Dataset records:
--

(* For $k\ge0$ let $\bar H_k\in\mathbb{R}^{p\times p}$ be (random) symmetric matrices with symmetric indefinite factorizations $\bar H_k=P_k^TL_kB_kL_k^TP_k$. Let $\tau_k>0$ be thresholds and let $\underline{\tau}$ be a constant with $0<\underline{\tau}\le\tau_k$ for all $k$. Let $B_k=Q_k\Lambda_kQ_k^T$ be an eigendecomposition with $\Lambda_k=\mathrm{diag}(\lambda_{k1},\dots,\lambda_{kp})$, set $\bar\Lambda_k=\mathrm{diag}(\bar\lambda_{k1},\dots,\bar\lambda_{kp})$ with $\bar\lambda_{kj}=\max\{\tau_k,|\lambda_{kj}|\}$, and $\bar{\bar H}_k=P_k^TL_kQ_k\bar\Lambda_kQ_k^TL_k^TP_k$. Then: (a) $\lambda_{\min}(\bar{\bar H}_k)\ge\underline{\sigma}^2\underline{\tau}>0$; (b) $\bar{\bar H}_k^{-1}$ exists a.s., $c_k^2\bar{\bar H}_k^{-1}\to0$ a.s., and for some constants $\delta,\rho>0$, $\mathbb{E}\big[\|\bar{\bar H}_k^{-1}\|^{2+\delta}\big]\le\rho$.
   Context: In the factorization $P_k\bar H_kP_k^T=L_kB_kL_k^T$: $P_k$ is a permutation matrix, $B_k$ is block diagonal with symmetric $1\times1$ or $2\times2$ blocks, and $L_k$ is unit lower triangular with entries bounded in magnitude by a fixed constant independent of $k$. $\underline{\sigma}>0$ is a constant, independent of $k$ and of the sample path, with $\sigma_{\min}(L_k)\ge\underline{\sigma}$ for all $k$ (smallest singular value). $\{c_k\}$ is a positive scalar sequence decreasing to $0$ (the perturbation-size gain of the second-order simultaneous-perturbation algorithm). *)

From HB Require Import structures.
From mathcomp Require Import all_boot all_order all_algebra.
From mathcomp Require Import all_classical all_reals all_analysis.
Set Implicit Arguments. Unset Strict Implicit. Unset Printing Implicit Defensive.
Import Order.TTheory GRing.Theory Num.Theory.
Import numFieldNormedType.Exports.
Local Open Scope ring_scope.

Definition vnorm {R : realType} {p : nat} (x : 'cV[R]_p) : R :=
  Num.sqrt (\sum_i (x i 0) ^+ 2).

Definition opnorm {R : realType} {p : nat} (A : 'M[R]_p) : R :=
  sup [set vnorm (A *m x) | x in [set x : 'cV[R]_p | vnorm x = 1]].

Definition singular_value {R : realType} {p : nat} (L : 'M[R]_p) (s : R) : Prop :=
  0 <= s /\ eigenvalue (L^T *m L) (s ^+ 2).

Definition unit_lower_triangular {R : realType} {p : nat} (L : 'M[R]_p) : Prop :=
  (forall i, L i i = 1) /\ (forall i j : 'I_p, (i < j)%N -> L i j = 0).

Definition block_diag_1x1_2x2 {R : realType} {p : nat} (B : 'M[R]_p) : Prop :=
  B^T = B /\
  (forall i j : 'I_p, (j.+1 < i)%N -> B i j = 0) /\
  (forall i j k : 'I_p, i = j.+1 :> nat -> k = i.+1 :> nat ->
       B i j != 0 -> B k i = 0).

From HB Require Import structures.
From mathcomp Require Import all_boot all_order all_algebra fingroup perm.
From mathcomp Require Import all_classical all_reals all_analysis.
From mathcomp Require Import complex ring lra measurable_realfun.
Import Order.TTheory GRing.Theory Num.Theory.
Import numFieldNormedType.Exports.
Set Implicit Arguments. Unset Strict Implicit.
Local Open Scope ring_scope.
Local Open Scope classical_set_scope.

(* Write u A u^T >= m |u|^2 for "the Rayleigh quotient of A is at least m".
   Such a bound with m > 0 forces every eigenvalue of A to be at least m, makes
   A invertible and gives |A^-1 y| <= |y| / m.  For the modified factorization
   X Lambda_bar X^T with X = P^T L Q one has
     u X Lambda_bar X^T u^T >= tau |u X|^2 = tau u P^T (L L^T) P u^T
                            >= tau sigma^2 |u P^T|^2 = tau sigma^2 |u|^2,
   as P and Q are orthogonal and the eigenvalues of L L^T, which are those of
   L^T L, are squared singular values of L.  All bounds are deterministic and
   uniform in k: the almost sure statements hold everywhere, c_k^2 times a
   bounded sequence tends to 0, and every moment of |Hbb^-1| is at most a power
   of 1 / (sigma^2 tau). *)

Section RayleighQuotient.
Variable R : realFieldType.

Lemma rV_sqnorm_ge0 n (u : 'rV[R]_n) : 0 <= (u *m u^T) 0 0.
Proof. by rewrite mxE; apply: sumr_ge0 => i _; rewrite mxE -expr2 sqr_ge0. Qed.

Lemma rV_sqnorm_gt0 n (u : 'rV[R]_n) : u != 0 -> 0 < (u *m u^T) 0 0.
Proof.
move=> u_neq0; rewrite lt_neqAle rV_sqnorm_ge0 andbT eq_sym.
apply: contra u_neq0; rewrite mxE psumr_eq0 => [/allP u0|i _]; last first.
  by rewrite mxE -expr2 sqr_ge0.
apply/eqP/rowP => j; have /implyP := u0 j (mem_index_enum j).
by rewrite mxE -expr2 sqrf_eq0 mxE => /(_ isT)/eqP.
Qed.

Definition rayleigh_lbound n (A : 'M[R]_n) (m : R) :=
  forall u : 'rV_n, m * (u *m u^T) 0 0 <= (u *m A *m u^T) 0 0.

Lemma rayleigh_lbound_eigenvalue n (A : 'M[R]_n) m a :
  rayleigh_lbound A m -> eigenvalue A a -> m <= a.
Proof.
move=> Am /eigenvalueP [v vA v_neq0]; have := Am v.
by rewrite vA -scalemxAl [X in _ <= X]mxE ler_pM2r // rV_sqnorm_gt0.
Qed.

Lemma rayleigh_lbound_unitmx n (A : 'M[R]_n) m :
  0 < m -> rayleigh_lbound A m -> A \in unitmx.
Proof.
move=> m_gt0 Am; rewrite unitmxE unitfE; apply/negP => /det0P [v v_neq0 vA0].
have : eigenvalue A 0 by apply/eigenvalueP; exists v; rewrite ?vA0 ?scale0r.
by move=> /(rayleigh_lbound_eigenvalue Am); rewrite leNgt m_gt0.
Qed.

Lemma rayleigh_lbound1 n : rayleigh_lbound (1%:M : 'M[R]_n) 1.
Proof. by move=> u; rewrite mulmx1 mul1r. Qed.

Lemma rayleigh_lbound_diag n (d : 'rV[R]_n) m :
  (forall j, m <= d 0 j) -> rayleigh_lbound (diag_mx d) m.
Proof.
move=> d_ge u; rewrite !mxE mulr_sumr; apply: ler_sum => j _.
rewrite mul_mx_diag !mxE [X in _ <= X]mulrAC [X in _ <= X]mulrC.
by rewrite ler_wpM2r // -expr2 sqr_ge0.
Qed.

Lemma rayleigh_lbound_congr n k (A : 'M[R]_k) (X : 'M[R]_(n, k)) m s :
  0 <= m -> rayleigh_lbound A m -> rayleigh_lbound (X *m X^T) s ->
  rayleigh_lbound (X *m A *m X^T) (s * m).
Proof.
move=> m_ge0 Am XXs u; have := Am (u *m X).
rewrite trmx_mul !mulmxA; apply: le_trans.
by rewrite mulrAC mulrC ler_wpM2l // -(mulmxA u) XXs.
Qed.

Lemma eigenvalue_gram_ge0 n k (A : 'M[R]_(n, k)) r :
  eigenvalue (A *m A^T) r -> 0 <= r.
Proof.
move=> /eigenvalueP [v vAA v_neq0].
have gram : (v *m A *m (v *m A)^T) 0 0 = r * (v *m v^T) 0 0.
  by rewrite trmx_mul mulmxA -(mulmxA v) vAA -scalemxAl mxE.
have := rV_sqnorm_ge0 (v *m A); rewrite gram pmulr_lge0 //.
exact: rV_sqnorm_gt0.
Qed.

Lemma eigenvalue_mulmxC n (A B : 'M[R]_n) r :
  A \in unitmx -> eigenvalue (A *m B) r -> eigenvalue (B *m A) r.
Proof.
move=> A_unit /eigenvalueP [v vAB v_neq0]; apply/eigenvalueP; exists (v *m A).
  by rewrite mulmxA -(mulmxA v) vAB scalemxAl.
by apply: contra v_neq0 => /eqP vA0; rewrite -(mulmxK A_unit v) vA0 mul0mx.
Qed.

Lemma mul_tr_perm_mx n (P : 'M[R]_n) : is_perm_mx P -> P^T *m P = 1%:M.
Proof.
by move=> /is_perm_mxP [s ->]; rewrite tr_perm_mx -perm_mxM mulVg perm_mx1.
Qed.

Definition modified_factorization n (P L Q : 'M[R]_n) (d : 'rV[R]_n) :=
  P^T *m L *m Q *m diag_mx d *m Q^T *m L^T *m P.

Lemma modified_factorization_rayleigh_lbound n (P L Q : 'M[R]_n) (d : 'rV[R]_n)
    s t :
  P^T *m P = 1%:M -> Q *m Q^T = 1%:M ->
  0 <= s -> rayleigh_lbound (L *m L^T) s ->
  0 <= t -> (forall j, t <= d 0 j) ->
  rayleigh_lbound (modified_factorization P L Q d) (s * t).
Proof.
move=> PP QQ s_ge0 LLs t_ge0 d_ge; set X := P^T *m L *m Q.
have -> : modified_factorization P L Q d = X *m diag_mx d *m X^T.
  by rewrite /modified_factorization /X !trmx_mul trmxK !mulmxA.
apply: rayleigh_lbound_congr t_ge0 (rayleigh_lbound_diag d_ge) _.
have -> : X *m X^T = P^T *m (L *m L^T) *m P^T^T.
  by rewrite /X !trmx_mul !mulmxA -(mulmxA _ Q) QQ mulmx1.
rewrite -[s]mul1r; apply: rayleigh_lbound_congr s_ge0 LLs _.
by rewrite trmxK PP; exact: rayleigh_lbound1.
Qed.

End RayleighQuotient.

Section Spectral.
Variable C : numClosedFieldType.
Local Open Scope sesquilinear_scope.

Lemma spectralmx_mul_trC n (A : 'M[C]_n) :
  spectralmx A *m (spectralmx A)^t* = 1%:M.
Proof. exact/unitarymxP/spectral_unitarymx. Qed.

Lemma spectral_diag_eigenvalue n (A : 'M[C]_n) j :
  A \is normalmx -> eigenvalue A (spectral_diag A 0 j).
Proof.
move=> /orthomx_spectralP A_spectral; have UU := spectralmx_mul_trC A.
rewrite invmx_unitary ?spectral_unitarymx // in A_spectral.
move: A_spectral UU; set U := spectralmx A; set D := spectral_diag A.
move=> A_spectral UU; apply/eigenvalueP; exists (row j U).
  rewrite A_spectral !mulmxA -row_mul UU row1 -rowE row_diag_mx.
  by rewrite -scalemxAl -rowE.
apply/eqP => /(congr1 (mulmx^~ (U^t*))); rewrite mul0mx -row_mul UU row1.
by move=> /rowP/(_ j); rewrite !mxE !eqxx => /eqP; rewrite oner_eq0.
Qed.

Lemma normalmx_rayleigh_lbound n (A : 'M[C]_n) m :
  A \is normalmx -> (forall j, m <= spectral_diag A 0 j) ->
  forall u : 'rV_n, m * (u *m u^t*) 0 0 <= (u *m A *m u^t*) 0 0.
Proof.
move=> /orthomx_spectralP A_spectral d_ge u; have UU := spectralmx_mul_trC A.
rewrite invmx_unitary ?spectral_unitarymx // in A_spectral.
move: A_spectral UU d_ge; set U := spectralmx A; set D := spectral_diag A.
move=> A_spectral UU d_ge; pose y := u *m U^t*.
have yE : y^t* = U *m u^t* by rewrite /y trmx_mul map_mxM trmxCK.
have -> : u *m A *m u^t* = y *m diag_mx D *m y^t*.
  by rewrite yE A_spectral /y !mulmxA.
have -> : u *m u^t* = y *m y^t*.
  by rewrite yE /y !mulmxA -(mulmxA u) (mulmx1C UU) mulmx1.
rewrite !mxE mulr_sumr; apply: ler_sum => j _.
rewrite mul_mx_diag !mxE [X in _ <= X]mulrAC [X in _ <= X]mulrC.
by rewrite ler_wpM2r ?mul_conjC_ge0.
Qed.

End Spectral.

Section SymmetricReal.
Variable R : rcfType.
Local Notation toC := (real_complex R).

Lemma sym_rayleigh_lbound n (N : 'M[R]_n) m :
  N^T = N -> (forall r, eigenvalue N r -> m <= r) -> rayleigh_lbound N m.
Proof.
(* Over R[i], N is hermitian, hence unitarily diagonalizable with real
   eigenvalues, and these are eigenvalues of N itself. *)
move=> N_sym N_ge u; set NC := map_mx toC N.
have NC_herm : NC \is hermsymmx.
  apply: realsym_hermsym.
    by apply/is_hermitianmxP; rewrite expr0 scale1r map_mx_id // map_trmx N_sym.
  by apply/mxOverP => i j; rewrite mxE; apply/complex_realP; exists (N i j).
have NC_normal := hermitian_normalmx NC_herm.
have d_ge j : toC m <= spectral_diag NC 0 j.
  have /mxOverP/(_ 0 j) := hermitian_spectral_diag_real NC_herm.
  move=> /complex_realP [r d_r]; rewrite d_r lecR; apply: N_ge.
  rewrite -(eigenvalue_map toC) -/NC.
  by have := spectral_diag_eigenvalue j NC_normal; rewrite d_r.
have := normalmx_rayleigh_lbound NC_normal d_ge (map_mx toC u).
have uT : ((map_mx toC u)^t*)%sesqui = map_mx toC u^T.
  apply/matrixP => i j; rewrite !mxE /=.
  by apply/CrealP/complex_realP; exists (u j i).
by rewrite uT -!map_mxM !mxE -rmorphM lecR.
Qed.

End SymmetricReal.

Section RealMatrices.
Variable R : realType.

Lemma unit_lower_triangular_unitmx n (L : 'M[R]_n) :
  unit_lower_triangular L -> L \in unitmx.
Proof.
case=> L_diag L_upper; rewrite unitmxE det_trig; last first.
  by apply/is_trig_mxP => i j /L_upper.
by rewrite big1 ?unitr1 // => i _; rewrite L_diag.
Qed.

Lemma gram_rayleigh_lbound n (L : 'M[R]_n) s0 :
  L \in unitmx -> 0 <= s0 -> (forall s, singular_value L s -> s0 <= s) ->
  rayleigh_lbound (L *m L^T) (s0 ^+ 2).
Proof.
move=> L_unit s0_ge0 L_sing; apply: sym_rayleigh_lbound.
  by rewrite trmx_mul trmxK.
move=> r /[dup] /eigenvalue_gram_ge0 r_ge0 /(eigenvalue_mulmxC L_unit) LL_r.
rewrite -(sqr_sqrtr r_ge0) lerXn2r ?nnegrE ?sqrtr_ge0 //.
by apply: L_sing; split; rewrite ?sqrtr_ge0 ?sqr_sqrtr.
Qed.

--

## WORK ITEM
Please reproduce the lines from the line with "by apply/mxOverP =>" to the line with "case=> L_diag L_upper;", both ends included, exactly as they appear above.

## TASK ANSWER
  by apply/mxOverP => i j; rewrite mxE; apply/complex_realP; exists (N i j).
have NC_normal := hermitian_normalmx NC_herm.
have d_ge j : toC m <= spectral_diag NC 0 j.
  have /mxOverP/(_ 0 j) := hermitian_spectral_diag_real NC_herm.
  move=> /complex_realP [r d_r]; rewrite d_r lecR; apply: N_ge.
  rewrite -(eigenvalue_map toC) -/NC.
  by have := spectral_diag_eigenvalue j NC_normal; rewrite d_r.
have := normalmx_rayleigh_lbound NC_normal d_ge (map_mx toC u).
have uT : ((map_mx toC u)^t*)%sesqui = map_mx toC u^T.
  apply/matrixP => i j; rewrite !mxE /=.
  by apply/CrealP/complex_realP; exists (u j i).
by rewrite uT -!map_mxM !mxE -rmorphM lecR.
Qed.

End SymmetricReal.

Section RealMatrices.
Variable R : realType.

Lemma unit_lower_triangular_unitmx n (L : 'M[R]_n) :
  unit_lower_triangular L -> L \in unitmx.
Proof.
case=> L_diag L_upper; rewrite unitmxE det_trig; last first.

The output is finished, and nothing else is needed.